The world, as you probably have heard, did not come to an end in May 2003. That was the original date given by aliens to Nancy Lieder for the imminent return of a 'Planet X' into our solar system. She warned through her website zetatalk.com and various media, that a rogue celestial body would wreak dire changes to the Earth, including a cataclysmic pole shift. Prepare! she exhorted for several years in advance of X's due date.
But as in a false pregnancy, no new body ever reared its head (at least as of this writing in 2005). Was Lieder simply an Internet-enabled Chicken Little, corralling would-be Henny Pennies into survivalist mode? Or is she actually sharing valuable information about a phenomenon hidden from the public, that we may yet face?
When the calamity didn't happen according to the aliens' timetable, Lieder did not blame them for giving her faulty information. She now says that her contacts were propagating a "White Lie" for the good of humankind. Her justification involved a plot by the aliens to get the U.S. to attack Iraq "too soon," --- but more on that later. First, you may be wondering how Nancy, a sixty-ish former computer professional, got so chatty with these aliens in the first place.

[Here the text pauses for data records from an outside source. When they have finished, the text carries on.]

(** * Absoluteness for a transitive model *)

Section Absoluteness.
Variables (U : Type) (mem : U -> U -> Prop) (M : U -> Prop).
Hypothesis HM : transitive_model_ZFC mem M.

Lemma M_elem {x y} : M x -> mem y x -> M y.
Proof. exact (proj1 HM x y). Qed.

Lemma M_separation (p : form) (Phi : U -> Prop) {e a} :
  envM M e -> M a -> (forall x, M x -> (sat mem M (scons x e) p <-> Phi x)) ->
  exists b, M b /\ forall x, mem x b <-> mem x a /\ Phi x.
Proof.
  intros He Ma HPhi.
  destruct (zf_sep (proj2 HM) p a He Ma) as [b [Mb Hb]].
  exists b; split; [exact Mb|]; intro x; split.
  - intro xb; pose proof (M_elem Mb xb) as Mx.
    rewrite <- HPhi; [apply Hb|]; auto.
  - intros [xa Hx]; pose proof (M_elem Ma xa) as Mx.
    apply Hb; [|rewrite HPhi]; auto.
Qed.

Lemma M_pair {a b} : M a -> M b ->
  exists s, M s /\ forall w, mem w s <-> w = a \/ w = b.
Proof.
  intros Ma Mb.
  destruct (zf_pair (proj2 HM) a b Ma Mb) as [c [Mc [ac bc]]].
  destruct (M_separation (fOr (fEq 0 1) (fEq 0 2)) (fun w => w = a \/ w = b)
              (e := scons a (scons b (fun _ => a))) ltac:(intros [|[|n]]; cbn; auto) Mc)
    as [s [Ms Hs]].
  - intros x _; rewrite sat_or; reflexivity.
  - exists s; split; [exact Ms|]; intro w; rewrite Hs.
    split; [tauto|]; intros [-> | ->]; auto.
Qed.

Lemma is_kpair_kpairM {p a b} : M a -> M b -> is_kpair mem p a b -> kpairM mem M p a b.
Proof.
  intros Ma Mb Hp u Mu; rewrite (Hp u).
  assert (Hw : forall w, mem w u -> M w) by (intros w; apply M_elem; exact Mu).
  split; intros [H | H]; [left | right | left | right]; intros w.
  - intros _; apply H.
  - intros _; apply H.
  - split; [intro wu; apply H; auto | intros ->; apply H; auto].
  - split; [intro wu; apply H; auto | intros [-> | ->]; apply H; auto].
Qed.

(* The pairs [{a}], [{a,b}] and [{z,y}] exist in [M], so a relativized Kuratowski pair is the genuine one. *)
Lemma kpairM_components {p a b z y} : M a -> M b -> M z -> M y ->
  is_kpair mem p a b -> kpairM mem M p z y -> z = a /\ y = b.
Proof.
  intros Ma Mb Mz My Hp HpM.
  destruct (M_pair Ma Ma) as [sa [Msa Hsa]].
  destruct (M_pair Ma Mb) as [sab [Msab Hsab]].
  destruct (M_pair Mz My) as [szy [Mszy Hszy]].
  assert (za : z = a).
  { assert (sap : mem sa p) by (apply Hp; left; intro w; rewrite Hsa; tauto).
    apply HpM in sap as [H | H]; auto.
    - symmetry; apply H, Hsa; auto.
    - destruct (proj1 (Hsa z) (proj2 (H z Mz) (or_introl eq_refl))); assumption. }
  subst z.
  assert (Hb : b = a \/ b = y).
  { assert (sabp : mem sab p) by (apply Hp; right; intro w; rewrite Hsab; tauto).
    apply HpM in sabp as [H | H]; auto.
    - left; apply H, Hsab; auto.
    - apply H, Hsab; auto. }
  assert (Hy : y = a \/ y = b).
  { assert (szyp : mem szy p) by (apply HpM; auto; right; intros w _; apply Hszy).
    apply Hp in szyp as [H | H].
    - left; apply H, Hszy; auto.
    - apply H, Hszy; auto. }
  split; [reflexivity|]; destruct Hb, Hy; congruence.
Qed.

Lemma fappM_fapp {f X Y x y} : M X -> M Y -> M_function mem M f X Y -> M x -> M y ->
  (fappM mem M f x y <-> fapp mem f x y).
Proof.
  intros MX MY [Mf [Hpairs _]] Mx My; split.
  - intros [p [Mp [pf HpM]]].
    destruct (Hpairs p pf) as [a [b [Hp [aX bY]]]].
    destruct (kpairM_components (M_elem MX aX) (M_elem MY bY) Mx My Hp HpM) as [-> ->].
    exists p; auto.
  - intros [p [pf Hp]].
    exists p; split; [exact (M_elem Mf pf)|]; split; [exact pf|].
    apply is_kpair_kpairM; assumption.
Qed.

Lemma preimM_preim_eq {f X Y O P} : M X -> M Y -> M O -> M P -> M_function mem M f X Y ->
  (preimM mem M f X O P <-> preim_eq mem f X O P).
Proof.
  intros MX MY MO MP Hf.
  assert (Himg : forall x, M x ->
    ((exists y, M y /\ fappM mem M f x y /\ mem y P) <-> exists y, fapp mem f x y /\ mem y P)).
  { intros x Mx; split.
    - intros [y [My [fxy yP]]]; exists y; rewrite <- (fappM_fapp MX MY Hf Mx My); auto.
    - intros [y [fxy yP]]; pose proof (M_elem MP yP) as My.
      exists y; rewrite (fappM_fapp MX MY Hf Mx My); auto. }
  split.
  - intros H x; destruct (classic (M x)) as [Mx | nMx].
    + rewrite (H x Mx), (Himg x Mx); reflexivity.
    + split; [intro xO | intros [xX _]]; exfalso; apply nMx;
        [exact (M_elem MO xO) | exact (M_elem MX xX)].
  - intros H x Mx; rewrite (H x), (Himg x Mx); reflexivity.
Qed.

End Absoluteness.

Section ModelTopology.
Variables (U : Type) (mem : U -> U -> Prop) (M : U -> Prop).
Hypothesis HM : transitive_model_ZFC mem M.
Variables (X tau : U).
Hypothesis HX : M_topology mem M X tau.

Lemma open_M {O} : mem O tau -> M O.
Proof. destruct HX as [_ [Mtau _]]; exact (M_elem HM Mtau). Qed.

Lemma open_sub {O z} : mem O tau -> mem z O -> mem z X.
Proof. destruct HX as [_ [_ [Hsub _]]]; intro HO; exact (Hsub O HO z). Qed.

(* The closure of [A] lies inside [P]. *)
Definition regular_core (P A : U) : Prop :=
  exists B, mem B tau /\ (forall z, mem z X -> mem z P \/ mem z B) /\
    forall z, ~ (mem z A /\ mem z B).

(* [regular_core P A] in the environment 0 = A, 1 = tau, 2 = X, 3 = P. *)
Definition fRegularCore :=
  fEx (fAnd (fMem 0 2)
    (fAnd (fAll (fImp (fMem 0 4) (fOr (fMem 0 5) (fMem 0 1))))
          (fAll (fNeg (fAnd (fMem 0 2) (fMem 0 1)))))).

Lemma regular_core_family {P} : M_regular mem X tau -> mem P tau ->
  exists F, M F /\ (forall A, mem A F <-> mem A tau /\ regular_core P A) /\
    forall z, mem z P <-> exists A, mem A F /\ mem z A.
Proof.
  intros HR HP.
  destruct HX as [MX [Mtau _]].
  destruct (M_separation HM fRegularCore (regular_core P)
              (e := scons tau (scons X (scons P (fun _ => X))))
              ltac:(intros [|[|[|n]]]; cbn; auto using open_M) Mtau) as [F [MF HF]].
  - intros A MA; unfold fRegularCore, regular_core; sat_simpl; split.
    + intros [B [MB [HB [Hcov Hdisj]]]]; exists B; split; [exact HB|]; split.
      * intros z zX; exact (Hcov z (M_elem HM MX zX) zX).
      * intros z; destruct (classic (M z)) as [Mz | nMz]; [exact (Hdisj z Mz)|].
        intros [zA _]; exact (nMz (M_elem HM MA zA)).
    + intros [B [HB [Hcov Hdisj]]]; exists B.
      split; [exact (open_M HB)|]; split; [exact HB|]; split.
      * intros z _; exact (Hcov z).
      * intros z _; exact (Hdisj z).
  - exists F; split; [exact MF|]; split; [exact HF|].
    intro z; split.
    + intro zP.
      destruct (HR z P (open_sub HP zP) HP zP) as [A [B [HA [HB [zA [Hcov Hdisj]]]]]].
      exists A; split; [|exact zA].
      apply HF; split; [exact HA|]; exists B; split; [exact HB|]; split; [|exact Hdisj].
      intros y yX; destruct (classic (mem y P)); auto.
    + intros [A [AF zA]].
      apply HF in AF as [HA [B [HB [Hcov Hdisj]]]].
      destruct (Hcov z (open_sub HA zA)) as [zP | zB]; [exact zP|].
      exfalso; exact (Hdisj z (conj zA zB)).
Qed.

Variables (Y sigma f : U).
Hypothesis HY : M_topology mem M Y sigma.
Hypothesis Hf : M_continuous mem M f X tau Y sigma.

Lemma f_value {x} : mem x X -> exists y, mem y Y /\ fapp mem f x y /\
  forall y', fapp mem f x y' -> y' = y.
Proof. destruct Hf as [[_ [_ Htot]] _]; exact (Htot x). Qed.

Lemma preim_exists {P} : mem P sigma -> exists O, mem O tau /\ preim_eq mem f X O P.
Proof. destruct Hf as [_ Hcont]; exact (Hcont P). Qed.

Lemma preim_unique O O' P : mem O tau -> mem O' tau ->
  preim_eq mem f X O P -> preim_eq mem f X O' P -> O = O'.
Proof.
  intros HO HO' H H'.
  apply (zf_ext (proj2 HM) O O' (open_M HO) (open_M HO')).
  intros z _; rewrite (H z), (H' z); reflexivity.
Qed.

Lemma preim_whole : preim_eq mem f X X Y.
Proof.
  intro x; split; [|tauto]; intro xX; split; [exact xX|].
  destruct (f_value xX) as [y [yY [fxy _]]]; exists y; auto.
Qed.

Lemma preim_empty O E : preim_eq mem f X O E -> (forall z, ~ mem z E) ->
  forall z, ~ mem z O.
Proof. intros H HE z zO; apply H in zO as [_ [y [_ yE]]]; exact (HE y yE). Qed.

Lemma preim_meet O1 O2 W' P1 P2 W :
  preim_eq mem f X O1 P1 -> preim_eq mem f X O2 P2 -> preim_eq mem f X W' W ->
  (forall z, mem z W <-> mem z P1 /\ mem z P2) ->
  forall z, mem z W' <-> mem z O1 /\ mem z O2.
Proof.
  intros H1 H2 H HW z; rewrite (H1 z), (H2 z), (H z); split.
  - intros [zX [y [fzy yW]]]; apply HW in yW as [yP1 yP2].
    split; split; eauto.
  - intros [[zX [y1 [f1 y1P]]] [_ [y2 [f2 y2P]]]].
    destruct (f_value zX) as [y [_ [_ Huniq]]].
    pose proof (Huniq y1 f1) as ->; pose proof (Huniq y2 f2) as ->.
    split; [exact zX|]; exists y; split; [exact f1|]; apply HW; auto.
Qed.

Lemma preimage_family {F} : M F -> (forall Q, mem Q F -> mem Q sigma) ->
  exists G, M G /\ forall O, mem O G <->
    mem O tau /\ exists Q, mem Q F /\ preim_eq mem f X O Q.
Proof.
  intros MF HF.
  destruct HX as [MX [Mtau _]]; destruct HY as [MY _].
  destruct Hf as [Hfun _]; pose proof (proj1 Hfun) as Mf.
  (* Environment: 0 = O, 1 = F, 2 = f, 3 = X. *)
  apply (M_separation HM (fEx (fAnd (fMem 0 2) (fPreim 3 4 1 0))) _
           (e := scons F (scons f (scons X (fun _ => X))))
           ltac:(intros [|[|[|n]]]; cbn; auto) Mtau).
  intros O MO; cbn -[fPreim]; setoid_rewrite sat_fPreim; cbn.
  split; intros [Q HQ].
  - exists Q; rewrite <- (preimM_preim_eq HM MX MY MO (proj1 HQ) Hfun); tauto.
  - pose proof (M_elem HM MF (proj1 HQ)) as MQ.
    exists Q; rewrite (preimM_preim_eq HM MX MY MO MQ Hfun); tauto.
Qed.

Scroll back to 1995, when she became aware she was receiving telepathic messages from the Zetas. During that same year, as the aliens' "emissary" she began relaying their missives to an audience in Michael Lindemann's ISCNI (Institute for the Study of Contact with Non-human Intelligence) online chat rooms. Around this time she also recovered memories of encounters with the aliens dating back decades. The success of her chat room appearances led to her own website, zetatalk.com, which has now been translated into 14 different languages. In addition to presenting the Zeta information, the site offers a labyrinth of material that appears to be stitched together from numerous new age and fringe science sources. Her communications have also been compiled into the book ZetaTalk by Granite Publishing.
Zetas? You may ask. They hail from the Zeta-Reticuli star system, according to Lieder, and are of the large-head/spindly-body type popularized in such books as Whitley Strieber's Communion. "There are actually 127 different types of Zeta [and] because there are so many different planets (in their system) they have evolved under different circumstances," she noted. Nancy claims to be plugged into a sort-of ET party line with them that is available whenever she feels like accessing it.